En Santo Tomé de Guayana, tuvimos la alegría de sintonizar una radioemisora cultural de Caracas, o por lo menos en cadena con Caracas. Esperábamos que, de entonces en más, siempre podríamos escuchar algo inteligente sin recurrir a las ondas cortas, pero aquí, en Maturín, nada.
Comprado nafta. Mismo jueguito de mezcla instantánea de octanajes, pero, ahora, no tenemos realmente nada que envidiarles a los niños modernos con sus juguetes electrónicos. En estos surtidores, nada ya del antiguado marcador manual; con sólo apretar unos botones mágicos, y ya está: se prende una luz colorada y fluye la mezcla deseada.
Al norte de Maturín y en dirección al mar Caribe, he aquí, frente a nosotros, lo inesperado: sierras, sierras de verdad.

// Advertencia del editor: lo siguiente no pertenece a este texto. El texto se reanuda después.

(* Let $n\ge 2$ and let $D$ be an $n\times n$ unit spherical Euclidean distance matrix (EDM) of embedding dimension $r$ such that every off-diagonal entry of $D$ is $\ge 2$. Define $\Delta$ by $D = 2(E-I)+2\Delta$ and let $w\in\mathbb{R}^n$ satisfy $Dw=e$. If $\Delta$ is irreducible, then $r=n-1$ (i.e., $D$ is the EDM of a simplex) and $w>\mathbf{0}$ (every entry of $w$ is positive).
   Context: $e$ denotes the all-ones vector in $\mathbb{R}^n$, $E$ the $n\times n$ all-ones matrix, $I$ the identity matrix. An $n\times n$ matrix $D=(d_{ij})$ is a Euclidean distance matrix (EDM) if there exist points $p^1,\dots,p^n$ in some Euclidean space with $d_{ij}=\|p^i-p^j\|^2$; the dimension of the affine span of these points is the embedding dimension of $D$; $D$ is the EDM of a simplex if its embedding dimension is $n-1$. $D$ is a unit spherical EDM if such points can be chosen on a sphere of radius $1$. A nonnegative $n\times n$ matrix $A$ is reducible if $A$ is the $1\times 1$ zero matrix, or $n\ge 2$ and there is a permutation matrix $Q$ with $QAQ^T=\begin{pmatrix}A_{11}&A_{12}\\ \mathbf{0}&A_{22}\end{pmatrix}$ with $A_{11},A_{22}$ square; otherwise $A$ is irreducible. *)

From HB Require Import structures.
From mathcomp Require Import all_boot all_order all_algebra all_fingroup.
From mathcomp Require Import reals.
Set Implicit Arguments. Unset Strict Implicit. Unset Printing Implicit Defensive.
Import Order.TTheory GRing.Theory Num.Theory.
Local Open Scope ring_scope.

Section EDM.
Variable R : realType.

Definition sqdist (k : nat) (x y : 'rV[R]_k) : R :=
  \sum_(l < k) (x ord0 l - y ord0 l) ^+ 2.

Definition realizes (n k : nat) (D : 'M[R]_n) (p : 'I_n -> 'rV[R]_k) : Prop :=
  forall i j, D i j = sqdist (p i) (p j).

Definition is_EDM (n : nat) (D : 'M[R]_n) : Prop :=
  exists k (p : 'I_n -> 'rV[R]_k), realizes D p.

(* dimension of the affine span of p_1..p_n: rank of the points
   translated by their centroid *)
Definition centroid (n k : nat) (p : 'I_n -> 'rV[R]_k) : 'rV[R]_k :=
  (n%:R)^-1 *: \sum_(i < n) p i.

Definition affdim (n k : nat) (p : 'I_n -> 'rV[R]_k) : nat :=
  \rank (\matrix_(i < n) (p i - centroid p)).

Definition embdim_is (n : nat) (D : 'M[R]_n) (r : nat) : Prop :=
  exists k (p : 'I_n -> 'rV[R]_k), realizes D p /\ affdim p = r.

Definition unit_spherical_EDM (n : nat) (D : 'M[R]_n) : Prop :=
  exists k (p : 'I_n -> 'rV[R]_k) (c : 'rV[R]_k),
    realizes D p /\ forall i, sqdist (p i) c = 1.

Definition reducible (n : nat) (A : 'M[R]_n) : Prop :=
  (n = 1%N /\ A = 0) \/
  ((2 <= n)%N /\ exists (s : 'S_n) (k : nat), (0 < k < n)%N /\
     forall a b : 'I_n, (k <= a)%N -> (b < k)%N ->
       (perm_mx s *m A *m (perm_mx s)^T) a b = 0).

Pero ¿por qué extrañarnos? Nuestra próxima meta es una cueva, la cueva del Guácharo, y ¿quién jamás ha visto una cueva en terreno llano?
Sí, penetramos entre las montañas; son montañas muy de verdad, muy arrugadas, muy escarpadas, uniformemente verdes de pie a cima. Incluso, ahora, con un gran lago delineando las formas caprichosas de los valles. Hemos visto mucho de estos panoramas en el pasado, pero ahora, después del Brasil y de la parte atlántica de la Argentina, nos parece pura magia.
La ruta se está poniendo cada vez más retorcida, vertical- y horizontalmente; reapareció el pluviobosque.